Under the Radar, or UTR, was founded as both a celebration and a canny act of service. It was scheduled in January, to dovetail with the annual conference of the Association of Performing Arts Professionals. The festival enabled artists to attract the attention of thousands of visiting presenters, who might then offer vital commissions and tours. It has included local artists and companies like Taylor Mac, Young Jean Lee, Tarell Alvin McCraney, Reggie Watts and 600 Highwaymen who were programmed alongside international work.

UTR was soon joined by related festivals — Coil, American Realness, Other Forces, and later Prototype and the Exponential Festival. Most of those have shuttered.

The online reaction to the news that UTR might meet this same fate was a mix anger and melancholy, with many responding not only to the Public’s decision, but also seemingly to the feeling that New York City has become a less hospitable place for artistic experimentation.

A number of festival participants recently spoke about what inclusion in UTR had meant. The festival, many said, had introduced them to the work of international artists. It had secured them lucrative touring contracts. It had made them feel as if, after working at the margins, they finally belonged within a larger conversation.

“It was inspiration, connection and communion all at once,” Paul Thureen, a founder of the devised theater group the Debate Society, wrote in an email. The group presented “Blood Play” at UTR in 2013.

Hannah Bos, left, and Michael Cyril Creighton in “Blood Play,” a work produced by the devised theater group the Debate Society and presented as part of Under the Radar’s 2013 season.Javier Oddo

Kelly Copper, a founder of the Nature Theater of Oklahoma, described the festival’s economic impact. “It gave us access to a worldwide audience,” she wrote, “and enabled us, after years of struggling from show to show, to finally support ourselves.” Its “Pursuit of Happiness” appeared at UTR in 2018.

While a statement released Wednesday described UTR as “on hiatus” from the Public, Eustis clarified that he could not promise when or if the festival might continue there. “Because we feel like this is a time of real structural change,” he said, on a joint call with the Public’s executive director, Patrick Willingham.

They outlined the theater’s financial circumstances — increased expenses, audience numbers that remain below prepandemic levels, sluggish philanthropic giving. Prepandemic, the Public’s annual budget was approximately $60 million. Now it is $48 million.

UTR had an annual budget of about $1 million, excluding salaries and operating costs.

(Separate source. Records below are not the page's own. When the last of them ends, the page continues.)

(* Let $D$ be a finite domain and let $\mathcal F$ be a family of functions of the form $f:D^L\to D$. Then there exists a finite family $\Lambda$ of promise relations over $D$ in which every member has the form $(P,P)$ (a CSP) such that $\mathcal F=\operatorname{poly}(\Lambda)$ if and only if $\mathcal F$ is projection-closed, finitizable, a clone, and contains the identity function $\operatorname{id}_D$.
   Context: A promise relation over $D$ is a pair $(P,Q)$ with $P\subseteq Q\subseteq D^k$. $f:D^L\to D$ is a weak polymorphism of $(P,Q)$ if for all $x^{(1)},\dots,x^{(L)}\in P$, $(f(x^{(1)}_1,\dots,x^{(L)}_1),\dots,f(x^{(1)}_k,\dots,x^{(L)}_k))\in Q$; $\operatorname{poly}(\Lambda)$ is the set of functions that are weak polymorphisms of every member of $\Lambda$. For $f:D^L\to D$ and $\pi:[L]\to[R]$, $f^\pi:D^R\to D$ is $f^\pi(y)=f(x)$ with $x_i=y_{\pi(i)}$. $\mathcal F$ is projection-closed if $f^\pi\in\mathcal F$ for all $f\in\mathcal F$ of arity $L$, all $R$, and all $\pi:[L]\to[R]$; finitizable if there is $R\in\mathbb N$ such that for every $L$ and $f:D^L\to D$, $f\in\mathcal F$ iff $f^\pi\in\mathcal F$ for all $\pi:[L]\to[R]$. $\mathcal F$ is a clone if for all $f\in\mathcal F$ of arity $L_1$ and all $g_1,\dots,g_{L_1}\in\mathcal F$ of arity $L_2$, the function $h:D^{L_1L_2}\to D$, $h(x^{(1)},\dots,x^{(L_1)})=f(g_1(x^{(1)}),\dots,g_{L_1}(x^{(L_1)}))$ (with $x^{(j)}\in D^{L_2}$), is in $\mathcal F$. $\operatorname{id}_D(x)=x$. *)

From HB Require Import structures.
From mathcomp Require Import all_boot.
From mathcomp Require Import zify.

Set Implicit Arguments.
Unset Strict Implicit.
Unset Printing Implicit Defensive.

(* A function f : D^L -> D, stored as a finite function (so equality is
   extensional). Coordinates of D^L are indexed by 'I_L. *)
Definition fn (D : finType) (L : nat) := {ffun {ffun 'I_L -> D} -> D}.

Record prel (D : finType) := Prel {
  prel_ar : nat;
  prel_P : {set {ffun 'I_prel_ar -> D}};
  prel_Q : {set {ffun 'I_prel_ar -> D}};
  prel_sub : prel_P \subset prel_Q }.

Definition is_csp (D : finType) (r : prel D) : Prop := prel_P r = prel_Q r.

Definition weak_poly (D : finType) (L : nat) (f : fn D L) (r : prel D) : Prop :=
  forall x : 'I_L -> {ffun 'I_(prel_ar r) -> D},
    (forall l, x l \in prel_P r) ->
    [ffun c => f [ffun l => x l c]] \in prel_Q r.

Definition poly (D : finType) (Lam : seq (prel D)) (L : nat) (f : fn D L) : Prop :=
  forall r, List.In r Lam -> weak_poly f r.

Definition minor (D : finType) (L R : nat) (f : fn D L) (pi : 'I_L -> 'I_R)
  : fn D R := [ffun y : {ffun 'I_R -> D} => f [ffun i => y (pi i)]].

Definition fnfamily (D : finType) := forall L : nat, fn D L -> Prop.

Definition projection_closed (D : finType) (F : fnfamily D) : Prop :=
  forall L R (f : fn D L) (pi : 'I_L -> 'I_R),
    0 < L -> F L f -> F R (minor f pi).

Definition finitizable (D : finType) (F : fnfamily D) : Prop :=
  exists R : nat, forall L (f : fn D L), 0 < L ->
    (F L f <-> forall pi : 'I_L -> 'I_R, F R (minor f pi)).

Lemma block_index_subproof (L1 L2 : nat) (j : 'I_L1) (i : 'I_L2) :
  j * L2 + i < L1 * L2.
Proof. have := ltn_ord j; have := ltn_ord i; nia. Qed.

Definition block_index (L1 L2 : nat) (j : 'I_L1) (i : 'I_L2) : 'I_(L1 * L2) :=
  Ordinal (block_index_subproof j i).

Definition clone_comp (D : finType) (L1 L2 : nat) (f : fn D L1)
  (g : 'I_L1 -> fn D L2) : fn D (L1 * L2) :=
  [ffun x : {ffun 'I_(L1 * L2) -> D} =>
     f [ffun j => g j [ffun i => x (block_index j i)]]].

Definition is_clone (D : finType) (F : fnfamily D) : Prop :=
  forall L1 L2 (f : fn D L1) (g : 'I_L1 -> fn D L2),
    0 < L1 -> 0 < L2 -> F L1 f -> (forall j, F L2 (g j)) ->
    F (L1 * L2) (clone_comp f g).

Definition idD (D : finType) : fn D 1 := [ffun x : {ffun 'I_1 -> D} => x ord0].

Definition fam_eq (D : finType) (F G : fnfamily D) : Prop :=
  forall L (f : fn D L), 0 < L -> (F L f <-> G L f).

From HB Require Import structures.
From mathcomp Require Import all_boot boolp.

Set Implicit Arguments.
Unset Strict Implicit.
Unset Printing Implicit Defensive.

(* Polymorphisms of CSPs are closed under minors and composition and contain
   the identity; a polymorphism of arity L is determined by its minors of arity
   R = max |D^k| (k ranging over the arities of the relations), because L
   tuples of a relation of arity k take at most |D^k| distinct values.
   Conversely, for a finitizable clone F with bound R, take the single relation
   of arity |D^R| whose tuples are the truth tables of the R-ary members of F.
   Applying a member of F coordinatewise to such tables gives a superposition
   of members of F, hence a table of a member of F; and applying any
   polymorphism f to the tables of the projections y |-> y_(pi l) gives the
   table of the minor f^pi, which therefore lies in F. *)

Definition apply_cw (D I : finType) L (f : fn D L) (x : 'I_L -> {ffun I -> D})
  : {ffun I -> D} := [ffun c => f [ffun l => x l c]].

Lemma ord_fun_gt0 L R (pi : 'I_L -> 'I_R) : 0 < L -> 0 < R.
Proof. by move=> L0; case: (pi (Ordinal L0)) => i; apply: leq_ltn_trans. Qed.

Lemma factor_through_ord (T : finType) L R (x : 'I_L -> T) :
  0 < L -> #|T| <= R ->
  exists pi : 'I_L -> 'I_R,
    exists2 y : 'I_R -> T,
      (forall j, exists l, y j = x l) & forall l, y (pi l) = x l.
Proof.
move=> L0 leTR; pose pi l := widen_ord leTR (enum_rank (x l)).
exists pi, (fun j => if [pick l | pi l == j] is Some l then x l
                     else x (Ordinal L0)).
  by move=> j; case: pickP => [l _|_]; eexists.
move=> l; case: pickP => [l' /eqP /(congr1 val) /= e|/(_ l)]; last by rewrite eqxx.
by apply/enum_rank_inj/val_inj.
Qed.

Section ApplyCoordinatewise.
Variables D I : finType.

Lemma eq_apply_cw L (f : fn D L) (x y : 'I_L -> {ffun I -> D}) :
  x =1 y -> apply_cw f x = apply_cw f y.
Proof.
move=> xy; apply/ffunP => c; rewrite !ffunE; congr (f _).
by apply/ffunP => l; rewrite !ffunE xy.
Qed.

Lemma apply_cw_minor L R (f : fn D L) (pi : 'I_L -> 'I_R)
    (y : 'I_R -> {ffun I -> D}) :
  apply_cw (minor f pi) y = apply_cw f (y \o pi).
Proof.
by apply/ffunP => c; rewrite !ffunE; congr (f _); apply/ffunP => l; rewrite !ffunE.
Qed.

Lemma apply_cw_clone_comp L1 L2 (f : fn D L1) (g : 'I_L1 -> fn D L2)
    (x : 'I_(L1 * L2) -> {ffun I -> D}) :
  apply_cw (clone_comp f g) x =
  apply_cw f (fun j => apply_cw (g j) (fun i => x (block_index j i))).
Proof.
apply/ffunP => c; rewrite !ffunE; congr (f _); apply/ffunP => j; rewrite !ffunE.
by congr (g j _); apply/ffunP => i; rewrite !ffunE.
Qed.

Lemma apply_cw_idD (x : 'I_1 -> {ffun I -> D}) : apply_cw (idD D) x = x ord0.
Proof. by apply/ffunP => c; rewrite !ffunE. Qed.

Lemma apply_cw_reindex (J : finType) (h : J -> I) L (f : fn D L)
    (x : 'I_L -> {ffun I -> D}) :
  apply_cw f (fun l => [ffun j => x l (h j)]) = [ffun j => apply_cw f x (h j)].
Proof.
by apply/ffunP => j; rewrite !ffunE; congr (f _); apply/ffunP => l; rewrite !ffunE.
Qed.

End ApplyCoordinatewise.

Definition finitizable_clone (D : finType) (F : fnfamily D) : Prop :=
  [/\ projection_closed F, finitizable F, is_clone F & F 1 (idD D)].

Lemma finitizable_clone_fam_eq (D : finType) (F G : fnfamily D) :
  fam_eq F G -> finitizable_clone G -> finitizable_clone F.
Proof.
move=> FG [pcG [R finG] clG idG]; split.
- move=> L R' f pi L0 /(FG _ _ L0) Gf.
  by apply/(FG _ _ (ord_fun_gt0 pi L0)); apply: pcG.
- exists R => L f L0; rewrite (FG _ _ L0) finG //.
  by split=> H pi; apply/(FG _ _ (ord_fun_gt0 pi L0)); apply: H.
- move=> L1 L2 f g L10 L20 /(FG _ _ L10) Gf Fg.
  have L0 : 0 < L1 * L2 by rewrite muln_gt0 L10.
  by apply/(FG _ _ L0); apply: clG => // j; apply/(FG _ _ L20).
- exact/(FG 1 (idD D) isT).
Qed.

Lemma finitizable_gt0 (D : finType) (F : fnfamily D) : finitizable F ->
  exists2 R, 0 < R &
    forall L (f : fn D L), 0 < L ->
      (F L f <-> forall pi : 'I_L -> 'I_R, F R (minor f pi)).
Proof.
case=> [[|R] fin]; last by exists R.+1.
have all_F L (f : fn D L) : 0 < L -> F L f.
  by move=> L0; apply/fin => // pi; case: (pi (Ordinal L0)).
by exists 1 => // L f L0; split=> _ => [pi|]; apply: all_F.
Qed.

Lemma apply_cw_clone_closed (D : finType) (F : fnfamily D) R L (f : fn D L)
    (g : 'I_L -> fn D R) :
  projection_closed F -> is_clone F -> 0 < L -> 0 < R ->
  F L f -> (forall l, F R (g l)) -> F R (apply_cw f g).
Proof.
move=> pc cl L0 R0 Ff Fg.
have -> : apply_cw f g = minor (clone_comp f g) (fun k => Ordinal (ltn_pmod k R0)).
  apply/ffunP => y; rewrite !ffunE; congr (f _); apply/ffunP => j; rewrite !ffunE.
  congr (g j _); apply/ffunP => i; rewrite !ffunE.
  by congr (y _); apply: val_inj; rewrite /= modnMDl modn_small.
by apply: pc; [rewrite muln_gt0 L0 | apply: cl].
Qed.

Section CspPolymorphisms.
Variables (D : finType) (Lam : seq (prel D)).
Hypothesis Lam_csp : forall r, List.In r Lam -> is_csp r.

Lemma poly_minor L R (f : fn D L) (pi : 'I_L -> 'I_R) :
  poly Lam f -> poly Lam (minor f pi).
Proof.
move=> Hf r Hr y Hy; rewrite -/(apply_cw _ y) apply_cw_minor.
exact: Hf r Hr (y \o pi) (fun l => Hy (pi l)).
Qed.

Lemma poly_clone_comp L1 L2 (f : fn D L1) (g : 'I_L1 -> fn D L2) :
  poly Lam f -> (forall j, poly Lam (g j)) -> poly Lam (clone_comp f g).
Proof.
move=> Hf Hg r Hr x Hx; rewrite -/(apply_cw _ x) apply_cw_clone_comp.
apply: (Hf r Hr) => j; rewrite (Lam_csp Hr).
exact: Hg j r Hr (fun i => x (block_index j i)) (fun i => Hx _).
Qed.

Lemma poly_idD : poly Lam (idD D).
Proof. by move=> r Hr x Hx; rewrite -/(apply_cw _ x) apply_cw_idD -(Lam_csp Hr). Qed.

Definition tuple_bound := \max_(r <- Lam) #|{ffun 'I_(prel_ar r) -> D}|.

Lemma leq_tuple_bound r :
  List.In r Lam -> #|{ffun 'I_(prel_ar r) -> D}| <= tuple_bound.
Proof.
rewrite /tuple_bound; elim: Lam => [|r' s IH] //= [->|/IH le_r];
  rewrite big_cons ?leq_maxl //.
exact: leq_trans le_r (leq_maxr _ _).
Qed.

Lemma poly_minorsP R L (f : fn D L) : 0 < L -> tuple_bound <= R ->
  poly Lam f <-> forall pi : 'I_L -> 'I_R, poly Lam (minor f pi).
Proof.
move=> L0 le_bound_R; split=> [Hf pi|Hminors r Hr x Hx]; first exact: poly_minor.
have [pi [y y_x yE]] :=
  factor_through_ord x L0 (leq_trans (leq_tuple_bound Hr) le_bound_R).
rewrite -/(apply_cw _ x) (eq_apply_cw f (fun l => esym (yE l))) -apply_cw_minor.
by apply: (Hminors pi r Hr y) => j; have [l ->] := y_x j.
Qed.

Lemma poly_finitizable_clone : finitizable_clone (poly Lam).
Proof.
split.
- by move=> L R f pi _; apply: poly_minor.
- by exists tuple_bound => L f L0; apply: poly_minorsP.
- by move=> L1 L2 f g _ _; apply: poly_clone_comp.
- exact: poly_idD.
Qed.

End CspPolymorphisms.

Section TableCsp.
Variables (D : finType) (F : fnfamily D) (R : nat).
Arguments F : clear implicits.

Definition to_table (g : fn D R) : {ffun 'I_#|{ffun 'I_R -> D}| -> D} :=
  [ffun c => g (enum_val c)].

Definition of_table (t : {ffun 'I_#|{ffun 'I_R -> D}| -> D}) : fn D R :=
  [ffun y => t (enum_rank y)].

Lemma to_tableK : cancel to_table of_table.
Proof. by move=> g; apply/ffunP => y; rewrite !ffunE enum_rankK. Qed.

Lemma of_table_apply_cw L (f : fn D L) x :
  of_table (apply_cw f x) = apply_cw f (fun l => of_table (x l)).
Proof. by rewrite apply_cw_reindex. Qed.

Lemma apply_cw_proj L (f : fn D L) (pi : 'I_L -> 'I_R) :
  apply_cw f (fun l => minor (idD D) (fun _ => pi l)) = minor f pi.
Proof.
by apply/ffunP => y; rewrite !ffunE; congr (f _); apply/ffunP => l; rewrite !ffunE.
Qed.

Definition table_set := [set t | `[< F R (of_table t) >]].

Definition table_csp : prel D := Prel (subxx table_set).

Lemma in_table_csp t : t \in prel_P table_csp <-> F R (of_table t).
Proof. by rewrite inE asboolE. Qed.

Hypotheses (F_pc : projection_closed F) (F_clone : is_clone F).
Hypotheses (F_id : F 1 (idD D)) (R_gt0 : 0 < R).
Hypothesis F_minorsP : forall L (f : fn D L), 0 < L ->
  (F L f <-> forall pi : 'I_L -> 'I_R, F R (minor f pi)).

Lemma poly_table_csp : fam_eq F (poly [:: table_csp]).
Proof.
move=> L f L0; split=> [Ff _ [<-|[]] x Hx | Hf].
  rewrite -/(apply_cw f x) in_table_csp of_table_apply_cw.
  by apply: apply_cw_clone_closed => // l; apply/in_table_csp.
apply/F_minorsP => // pi; rewrite -apply_cw_proj.
pose x l := to_table (minor (idD D) (fun _ : 'I_1 => pi l)).
have /in_table_csp : apply_cw f x \in prel_P table_csp.
  apply: (Hf _ (or_introl erefl) x) => l; apply/in_table_csp.
  by rewrite to_tableK; apply: F_pc.
by rewrite of_table_apply_cw (eq_apply_cw f (fun l => to_tableK _)).
Qed.

End TableCsp.

Theorem lemmaE4 (D : finType) (F : fnfamily D) :
  (exists Lam : seq (prel D),
     (forall r, List.In r Lam -> is_csp r) /\ fam_eq F (@poly D Lam))
  <->
  [/\ projection_closed F, finitizable F, is_clone F & F 1 (idD D)].
Proof.
split=> [[Lam [Lam_csp FE]] | [F_pc F_fin F_clone F_id]].
  exact: finitizable_clone_fam_eq FE (poly_finitizable_clone Lam_csp).
have [R R_gt0 F_minorsP] := finitizable_gt0 F_fin.
exists [:: table_csp F R]; split; first by move=> r [<-|[]].
exact: poly_table_csp F_pc F_clone F_id R_gt0 F_minorsP.
Qed.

Artist fees were small and many international shows were sponsored by their home countries, but like every show at the Public the festival lost money.

“It was designed to give our artists their celebration,” Russell said. “When would you have a party and expect to come away with money? We had really good parties.”

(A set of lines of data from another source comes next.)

Definition box_gaps (K1 K2 K3 h s c : R) : list R := [h; K1 - h; s; K2 - s; c; K3 - c].

Definition box_excess (K1 K2 K3 h s c : R) : R :=
  fold_right Rplus 0 (map negpart (box_gaps K1 K2 K3 h s c)).

Definition box_penalty (K1 K2 K3 h s c : R) : R :=
  fold_right Rplus 0 (map (fun g => negpart g ^ 2) (box_gaps K1 K2 K3 h s c)).

Definition box_penalty_rate (K1 K2 K3 h s c dh ds dc : R) : R :=
  - 2 * (negpart h * dh - negpart (K1 - h) * dh + negpart s * ds - negpart (K2 - s) * ds
         + negpart c * dc - negpart (K3 - c) * dc).

Lemma box_penalty_le0_iff_inD K1 K2 K3 h s c :
  box_penalty K1 K2 K3 h s c <= 0 <-> inD K1 K2 K3 h s c.
Proof.
  unfold box_penalty, inD; simpl; split.
  - intro HP.
    assert (Hgap : forall g, negpart g ^ 2 <= 0 -> 0 <= g).
    { intros g Hg; pose proof (negpart_ge_opp g); pose proof (negpart_ge0 g); nra. }
    pose proof (pow2_ge_0 (negpart h)); pose proof (pow2_ge_0 (negpart (K1 - h)));
    pose proof (pow2_ge_0 (negpart s)); pose proof (pow2_ge_0 (negpart (K2 - s)));
    pose proof (pow2_ge_0 (negpart c)); pose proof (pow2_ge_0 (negpart (K3 - c))).
    pose proof (Hgap h); pose proof (Hgap (K1 - h)); pose proof (Hgap s);
    pose proof (Hgap (K2 - s)); pose proof (Hgap c); pose proof (Hgap (K3 - c)).
    repeat split; lra.
  - intros (Hh & Hs & Hc).
    rewrite !negpart_eq0 by lra; lra.
Qed.

Lemma box_excess_sqr_le K1 K2 K3 h s c :
  box_excess K1 K2 K3 h s c ^ 2 <= 6 * box_penalty K1 K2 K3 h s c.
Proof.
  pose proof (sum_sqr_le (map negpart (box_gaps K1 K2 K3 h s c))) as Hcs.
  rewrite map_map, length_map in Hcs.
  replace (INR (length (box_gaps K1 K2 K3 h s c))) with 6 in Hcs by (simpl; lra).
  exact Hcs.
Qed.

Lemma derivable_pt_lim_box_penalty K1 K2 K3 (h s c : R -> R) t dh ds dc :
  derivable_pt_lim h t dh -> derivable_pt_lim s t ds -> derivable_pt_lim c t dc ->
  derivable_pt_lim (fun u => box_penalty K1 K2 K3 (h u) (s u) (c u)) t
    (box_penalty_rate K1 K2 K3 (h t) (s t) (c t) dh ds dc).
Proof.
  intros Hh Hs Hc.
  assert (Hgap : forall K f df, derivable_pt_lim f t df ->
            derivable_pt_lim (fun u => K - f u) t (- df)).
  { intros K f df Hf; replace (- df) with (0 - df) by ring.
    exact (derivable_pt_lim_minus (fct_cte K) f t 0 df (derivable_pt_lim_const K t) Hf). }
  assert (Hsum : forall f g df dg, derivable_pt_lim f t df -> derivable_pt_lim g t dg ->
            derivable_pt_lim (fun u => f u + g u) t (df + dg))
    by (intros; apply derivable_pt_lim_plus; assumption).
  replace (box_penalty_rate K1 K2 K3 (h t) (s t) (c t) dh ds dc) with
    (- 2 * negpart (h t) * dh + (- 2 * negpart (K1 - h t) * (- dh)
     + (- 2 * negpart (s t) * ds + (- 2 * negpart (K2 - s t) * (- ds)
     + (- 2 * negpart (c t) * dc + (- 2 * negpart (K3 - c t) * (- dc) + 0))))))
    by (unfold box_penalty_rate; ring).
  unfold box_penalty; simpl.
  repeat apply Hsum; try apply derivable_pt_lim_const.
  - exact (derivable_pt_lim_comp_negpart_sqr h t dh Hh).
  - exact (derivable_pt_lim_comp_negpart_sqr _ t _ (Hgap K1 h dh Hh)).
  - exact (derivable_pt_lim_comp_negpart_sqr s t ds Hs).
  - exact (derivable_pt_lim_comp_negpart_sqr _ t _ (Hgap K2 s ds Hs)).
  - exact (derivable_pt_lim_comp_negpart_sqr c t dc Hc).
  - exact (derivable_pt_lim_comp_negpart_sqr _ t _ (Hgap K3 c dc Hc)).
Qed.

Section BoxPenaltyGrowth.
Variables K1 K2 K3 h s c dh ds dc L : R.
Hypothesis HL : 0 <= L.
Let E := box_excess K1 K2 K3 h s c.
Hypotheses (Hh : h <= 0 -> - (L * E) <= dh) (HK1h : K1 - h <= 0 -> - (L * E) <= - dh)
  (Hs : s <= 0 -> - (L * E) <= ds) (HK2s : K2 - s <= 0 -> - (L * E) <= - ds)
  (Hc : c <= 0 -> - (L * E) <= dc) (HK3c : K3 - c <= 0 -> - (L * E) <= - dc).

(* Each violated face contributes at most [L E] times its own violation, so the
   rate is at most [2 L E^2], and [E^2 <= 6 P] by Cauchy-Schwarz. *)
Lemma box_penalty_rate_le :
  box_penalty_rate K1 K2 K3 h s c dh ds dc <= 12 * L * box_penalty K1 K2 K3 h s c.
Proof.
  assert (HE : 0 <= E)
    by (unfold E, box_excess; simpl; pose proof (negpart_ge0 h); pose proof (negpart_ge0 (K1 - h));
        pose proof (negpart_ge0 s); pose proof (negpart_ge0 (K2 - s));
        pose proof (negpart_ge0 c); pose proof (negpart_ge0 (K3 - c)); lra).
  assert (HB : 0 <= L * E) by (apply Rmult_le_pos; assumption).
  pose proof (negpart_mul_le _ _ _ HB Hh); pose proof (negpart_mul_le _ _ _ HB HK1h);
  pose proof (negpart_mul_le _ _ _ HB Hs); pose proof (negpart_mul_le _ _ _ HB HK2s);
  pose proof (negpart_mul_le _ _ _ HB Hc); pose proof (negpart_mul_le _ _ _ HB HK3c).
  assert (Hrate : box_penalty_rate K1 K2 K3 h s c dh ds dc <= 2 * L * E ^ 2).
  { unfold box_penalty_rate; replace (E ^ 2) with (E * box_excess K1 K2 K3 h s c) by (unfold E; ring).
    unfold box_excess; simpl; nra. }
  pose proof (box_excess_sqr_le K1 K2 K3 h s c) as Hcs; fold E in Hcs.
  nra.
Qed.
End BoxPenaltyGrowth.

Ending UTR was, Eustis said, the most visible and the most painful effect of this budget contraction. Because the Public is a presenting theater for the festival rather than a creative or originating theater, it sacrificed UTR while retaining in-house programs like the Mobile Unit and Public Works.

Still, Eustis did not underestimate the festival’s significance for the city’s artistic life. “It made a huge difference to not only the ecology of the downtown scene, but also to the international communication among artists,” he said, also noting that as other festivals and spaces closed or scaled back, Under the Radar became even more important.

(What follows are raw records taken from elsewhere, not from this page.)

Lemma lincomb_le r X : (forall p, p \in r -> idem_le mul (pi p.2) X) ->
  idem_le mul (lincomb r) X.
Proof.
move=> le_rX; rewrite /idem_le /lincomb amul_suml; apply: eq_big_seq => p pr.
by rewrite amulZl le_rX.
Qed.

Lemma map_pi_idem ys e : e \in map pi ys -> mul e e = e.
Proof. by move=> /mapP[x _ ->]; apply: pi_idem. Qed.

Lemma lincomb_le_support r : idem_le mul (lincomb r) (idem_join mul (map pi (map snd r))).
Proof.
apply: lincomb_le => p pr; apply: le_idem_join => //; first exact: amulC.
  exact: map_pi_idem.
by apply/map_f/map_f.
Qed.

Lemma ideal_lincomb (M : A -> Prop) r : is_ideal mul M ->
  (forall p, p \in r -> M (pi p.2)) -> M (lincomb r).
Proof.
move=> idM Mr; rewrite /lincomb; elim: r Mr => [|p r IH] Mr.
  by rewrite big_nil; apply: ideal0 idM.
rewrite big_cons; apply: (idealD idM).
  by apply: (idealZ idM); apply: Mr; rewrite mem_head.
by apply: IH => q qr; apply: Mr; rewrite inE qr orbT.
Qed.

Definition lincomb_val (phi : E -> bool) (r : seq (K * E)) : K :=
  \sum_(p <- r) p.1 * (phi p.2)%:R.

Lemma lincomb_val_cons phi p r :
  lincomb_val phi (p :: r) = p.1 * (phi p.2)%:R + lincomb_val phi r.
Proof. exact: big_cons. Qed.

Lemma lincomb_val_cat phi r1 r2 :
  lincomb_val phi (r1 ++ r2) = lincomb_val phi r1 + lincomb_val phi r2.
Proof. exact: big_cat. Qed.

Lemma lincomb_val_scale phi k r :
  lincomb_val phi [seq (k * p.1, p.2) | p <- r] = k * lincomb_val phi r.
Proof. by rewrite /lincomb_val big_map mulr_sumr; apply: eq_bigr => p _; rewrite mulrA. Qed.

Lemma lincomb_val_mul phi r1 r2 : is_character phi ->
  lincomb_val phi [seq (p.1 * q.1, (p.2 `&` q.2)%O) | p <- r1, q <- r2] =
  lincomb_val phi r1 * lincomb_val phi r2.
Proof.
move=> [_ [_ phiM]]; elim: r1 => [|p r1 IH]; first by rewrite /lincomb_val !big_nil mul0r.
rewrite /= lincomb_val_cat IH lincomb_val_cons mulrDl; congr (_ + _).
rewrite /lincomb_val big_map mulr_sumr; apply: eq_bigr => q _.
by rewrite phiM natr_andb mulrACA.
Qed.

As it remains important, Russell, who owns the intellectual property rights to the festival, is in conversation with venues and potential producers, seeking a way forward.

“I’m feeling relieved and hopeful at the changes that could come,” he said last week. “Because it does feel like we need new strategies to make a festival work in this city. We’ve proven that people are hungry for a festival. So now what do we do with that energy? That energy has to go somewhere.”